Fluency,  Precision Teaching

Building a Learning Momentum

I have been strongly influenced by several behavioral scientists over the years; Murray Sidman, Ogden Lindsley and Tony Nevin, along with my personal guru, Eric Haughton. These researchers helped me better understand the critical nature of positive reinforcement immediately linked to a behavior. Because reinforcement is so critical, and because the absence of it in early school experiences is so damaging, I am writing this column.

My daughter Caitlin was one of the youngsters who had an early bad experience at school. By the beginning of October in first grade Caitlin had stomachaches five days a week, but woke up without pain on Saturday and Sunday. Her face showed the stress as clearly as her stomachaches. She worked with me on reading, and the stomachaches went away. The work we did together resulted in a happy ending for Caitlin, as she continued to build her skills and her confidence, and was an instructive experience for me.

As I look back at Caitlin’s experience I have begun to think about Dr. John A. (Tony) Nevin, a professor and a renowned researcher in the experimental analysis of behavior. Tony is a marvelous person to know, and is the leading authority on “behavioral momentum,” a term he coined. Tony has examined some of the following questions: What matters most when you are teaching a new skill or discrimination? How do you insure that what you are teaching will remain learned? What creates the momentum that allows a behavior to continue in the face of distraction or interference? Tony’s research uncovered a behavioral force that resembles the way that momentum is conserved in a moving object. Tony’s research indicates that ”Early Reinforcement” is the most powerful ingredient for making a behavior last. He has repeated this research not only with a variety of lab animals, but also with students, all of them learning a variety of different skills. In his studies, and in laboratory replications, it is extremely clear that Early Reinforcement is essential for retention.

Early Reinforcement is easily quantified in a laboratory setting, and the discovery was not what many behavioral experts had expected to find. High frequencies of positive reinforcement (access to grain for a pigeon or rat, money or tokens for a student) can be easily measured and studied. Behavioral scientists had previously taught that “scheduling out” the amount of reinforcement would lead to more durable behavior. In other words, even early in learning, instead of giving the reinforcement every time the right response occurred, it would be better if correct responses were intermittently rewarded. This early scheduling would then make the learner more resistant to changes in the environment, or even to the total lack of positive reinforcement of the learned behavior. However that is not what Tony’s research indicated. Scheduling out the rewards led to much less momentum—the learner would quit doing the behavior when there was a slight change in the environment. A denser early schedule led to much more enduring behavior.

Imagine that you are giving your son or daughter a sticker or a checkmark on a refrigerator calendar. But instead of doing it daily, you do it once ever few weeks. It is unlikely that you will encourage the kind of change in behavior that you are hoping for—and even more unlikely that your child will learn to enjoy the chores that you were rewarding.

Let’s go back to Caitlin and other young learners. If, instead of a lot of positive reinforcement for learning, a student, early on, meets with little or no positive reinforcement, that student is likely to quickly give up on learning and perhaps even give up on the places, such as schools, where that experience occurred.

I have repeatedly seen that this “giving up” can come to color the entire experience for the child, and soon the student simply makes little or no effort to engage in learning, and hates school.
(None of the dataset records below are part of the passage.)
Lemma inf_le_mul (R : realType) (S1 S2 : set R) (l : R) :
  0 < l -> S1 !=set0 -> has_lbound S2 ->
  (forall s, S1 s -> S2 (l * s)) -> inf S2 <= l * inf S1.
Proof.
move=> l0 S1_neq0 S2_lb S12; rewrite -ler_pdivrMl //.
apply: lb_le_inf => // s S1s; rewrite ler_pdivrMl //.
exact/ge_inf/S12.
Qed.

Section Sublinear.
Variables (R : realType) (V : lmodType R[i]).

Definition sublinear (p : V -> R) :=
  (forall x y, p (x + y) <= p x + p y) /\
  (forall (t : R) x, 0 < t -> p (t%:C%C *: x) = t * p x).

Definition real_linear (f : V -> R) :=
  (forall x y, f (x + y) = f x + f y) /\
  (forall (t : R) x, f (t%:C%C *: x) = t * f x).

Lemma sublinear0 p : sublinear p -> p 0 = 0.
Proof. by move=> [_ pZ]; have := pZ 2 0 (ltr0Sn _ 1); rewrite scaler0; lra. Qed.

Lemma sublinearZ p (t : R) x :
  sublinear p -> 0 <= t -> p (t%:C%C *: x) = t * p x.
Proof.
move=> sp; rewrite le_eqVlt => /predU1P[<-|]; last exact: sp.2.
by rewrite mul0r rmorph0 scale0r sublinear0.
Qed.

Lemma sublinearN_ge p x : sublinear p -> - p (- x) <= p x.
Proof. by move=> sp; have := sp.1 x (- x); rewrite subrr sublinear0 //; lra. Qed.

Lemma sublinear_inf (S : V -> set R) :
  (forall y, S y !=set0) -> (forall y, has_lbound (S y)) ->
  (forall mu y s, 0 < mu -> S y s -> S (mu%:C%C *: y) (mu * s)) ->
  (forall y w s t, S y s -> S w t -> exists2 u, S (y + w) u & u <= s + t) ->
  sublinear (fun y => inf (S y)).
Proof.
move=> S_neq0 S_lb SZ SD; split=> [y w|t y t0].
  have infD_le s : S y s -> inf (S (y + w)) - s <= inf (S w).
    move=> Sys; apply: lb_le_inf => // t Swt.
    have [u Su us] := SD _ _ _ _ Sys Swt.
    by have := ge_inf (S_lb (y + w)) Su; lra.
  suff : inf (S (y + w)) - inf (S w) <= inf (S y) by lra.
  by apply: lb_le_inf => // s Sys; have := infD_le s Sys; lra.
apply/eqP; rewrite eq_le; apply/andP; split.
  by apply: inf_le_mul => // s Ss; apply: SZ.
rewrite -ler_pdivlMl //.
have -> : inf (S y) = inf (S (t^-1%:C%C *: (t%:C%C *: y))).
  by rewrite scalerA -rmorphM mulVf ?gt_eqF // rmorph1 scale1r.
by apply: inf_le_mul; rewrite ?invr_gt0 // => s Ss; apply: SZ; rewrite ?invr_gt0.
Qed.

Definition tilt (m : V -> R) (x : V) (c : R) (y : V) :=
  inf [set m (y + t%:C%C *: x) - t * c | t in [set t : R | 0 <= t]].

Section Tilt.
Variables (m : V -> R) (x : V) (c : R).
Hypotheses (sm : sublinear m) (cm : c <= m x).

Let tilt_lb y :
  has_lbound [set m (y + t%:C%C *: x) - t * c | t in [set t : R | 0 <= t]].
Proof.
exists (- m (- y)) => _ [t t0 <-].
have := sm.1 (y + t%:C%C *: x) (- y); rewrite addrC addKr sublinearZ //.
have : t * c <= t * m x by rewrite ler_wpM2l.
lra.
Qed.

Let tilt_at y t : 0 <= t -> tilt m x c y <= m (y + t%:C%C *: x) - t * c.
Proof. by move=> t0; apply: (ge_inf (tilt_lb y)); exists t. Qed.

Lemma tilt_sublinear : sublinear (tilt m x c).
Proof.
apply: sublinear_inf => [y|y|mu y _ mu0 [t t0 <-]|y w _ _ [s s0 <-] [t t0 <-]].
- by exists (m (y + 0%:C%C *: x) - 0 * c) => /=; exists 0.
- exact: tilt_lb.
- exists (mu * t) => /=; first by rewrite mulr_ge0 // ltW.
  by rewrite mulrBr -(sublinearZ _ sm (ltW mu0)) scalerDr scalerA -rmorphM mulrA.
- exists (m ((y + w) + (s + t)%:C%C *: x) - (s + t) * c).
    by exists (s + t) => //=; rewrite addr_ge0.
  rewrite rmorphD scalerDl addrACA.
  by have := sm.1 (y + s%:C%C *: x) (w + t%:C%C *: x); lra.
Qed.

Lemma tilt_le y : tilt m x c y <= m y.
Proof. by have := tilt_at y (lexx 0); rewrite rmorph0 scale0r addr0 mul0r subr0. Qed.

Lemma tiltN_le : tilt m x c (- x) <= - c.
Proof.
by have := tilt_at (- x) ler01; rewrite rmorph1 scale1r addNr sublinear0 // mul1r sub0r.
Qed.

End Tilt.

Section MinimalSublinear.
Variables (p : V -> R) (sp : sublinear p).

Definition sublinear_below := {q : V -> R | sublinear q /\ (forall x, q x <= p x)}.
(* Let $\mathcal E$ be a nest on a complex Banach space $X$ and let $\mathcal J$ be a $\mathcal T(\mathcal E)$-bimodule. Then for every $E\in\mathcal E$ the subspace $[\mathcal J E]$ belongs to $\mathcal E$, and the map $\Phi_{\mathcal J}:\mathcal E\to\mathcal E$, $E\mapsto[\mathcal JE]$, is an admissible support function on $\mathcal E$.
   Context: A nest $\mathcal E$ on $X$ is a family of closed linear subspaces of $X$, totally ordered by inclusion, containing $\{0\}$ and $X$, closed under arbitrary meets $\wedge$ (intersections) and joins $\vee$ (norm-closed linear spans of unions). For $E\in\mathcal E$, $E_-=\vee\{F\in\mathcal E: F\subsetneq E\}$. $\mathcal T(\mathcal E)=\{T\in\mathcal B(X): TE\subseteq E\ \forall E\in\mathcal E\}$ is the nest algebra. A $\mathcal T(\mathcal E)$-bimodule is a linear subspace $\mathcal J\subseteq\mathcal B(X)$ with $\mathcal T(\mathcal E)\mathcal J\subseteq\mathcal J$ and $\mathcal J\mathcal T(\mathcal E)\subseteq\mathcal J$. $[\mathcal JE]$ is the norm-closed linear span of $\{Tx: T\in\mathcal J, x\in E\}$. A support function on $\mathcal E$ is an inclusion-preserving map $\Phi:\mathcal E\to\mathcal E$; it is admissible if for every $N\in\mathcal E\setminus\{\{0\}\}$, $\vee_{E\in\mathcal E, E\subsetneq N}\Phi(E)=\Phi(N_-)$. *)

From mathcomp Require Import all_boot all_algebra.
From mathcomp Require Import all_classical all_reals all_analysis.
From mathcomp Require Export complex.
Import numFieldNormedType.Exports.

Set Implicit Arguments.
Unset Strict Implicit.
Unset Printing Implicit Defensive.

Local Open Scope classical_set_scope.
Local Open Scope ring_scope.

Section NestDefs.
Variables (K : numFieldType) (V : normedModType K).

Definition lin_subspace (S : set V) : Prop :=
  S 0 /\ (forall x y, S x -> S y -> S (x + y)) /\
  (forall (a : K) x, S x -> S (a *: x)).

Definition closed_subspace (S : set V) : Prop := lin_subspace S /\ closed S.

Definition clspan (A : set V) : set V :=
  [set x | forall S, closed_subspace S -> A `<=` S -> S x].

Definition smeet (F : set (set V)) : set V := [set x | forall E, F E -> E x].
Definition sjoin (F : set (set V)) : set V := clspan (\bigcup_(E in F) E).

Definition psub (A B : set V) : Prop := A `<=` B /\ A <> B.

Definition bounded_op (T : V -> V) : Prop :=
  (forall (a : K) x y, T (a *: x + y) = a *: T x + T y) /\
  (exists M : K, forall x, `|T x| <= M * `|x|).

Definition nest (N : set (set V)) : Prop :=
  (forall E, N E -> closed_subspace E) /\
  (forall E F, N E -> N F -> E `<=` F \/ F `<=` E) /\
  N [set 0] /\ N setT /\
  (forall F, F `<=` N -> N (smeet F)) /\
  (forall F, F `<=` N -> N (sjoin F)).

Definition nest_minus (N : set (set V)) (E : set V) : set V :=
  sjoin [set F | N F /\ psub F E].

Definition nest_alg (N : set (set V)) : set (V -> V) :=
  [set T | bounded_op T /\ forall E, N E -> T @` E `<=` E].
Their momentum for doing schoolwork, once damaged, is extremely difficult to restore. Many children lose their interest in school right then—and may never get it back. One student that I met had severe stomach distress to the point of repeated hospitalizations due to the stress of school struggles, while many others had headaches or stomachaches from Sunday night until Friday.

It is possible to turn these feelings around, but to do that you must have excellent, enjoyable experiences, especially with the reading and math skills that are so critical for success. Successful learning and high standards, along with a lot of positive reinforcement, are absolutely necessary to create happy, enduring learners.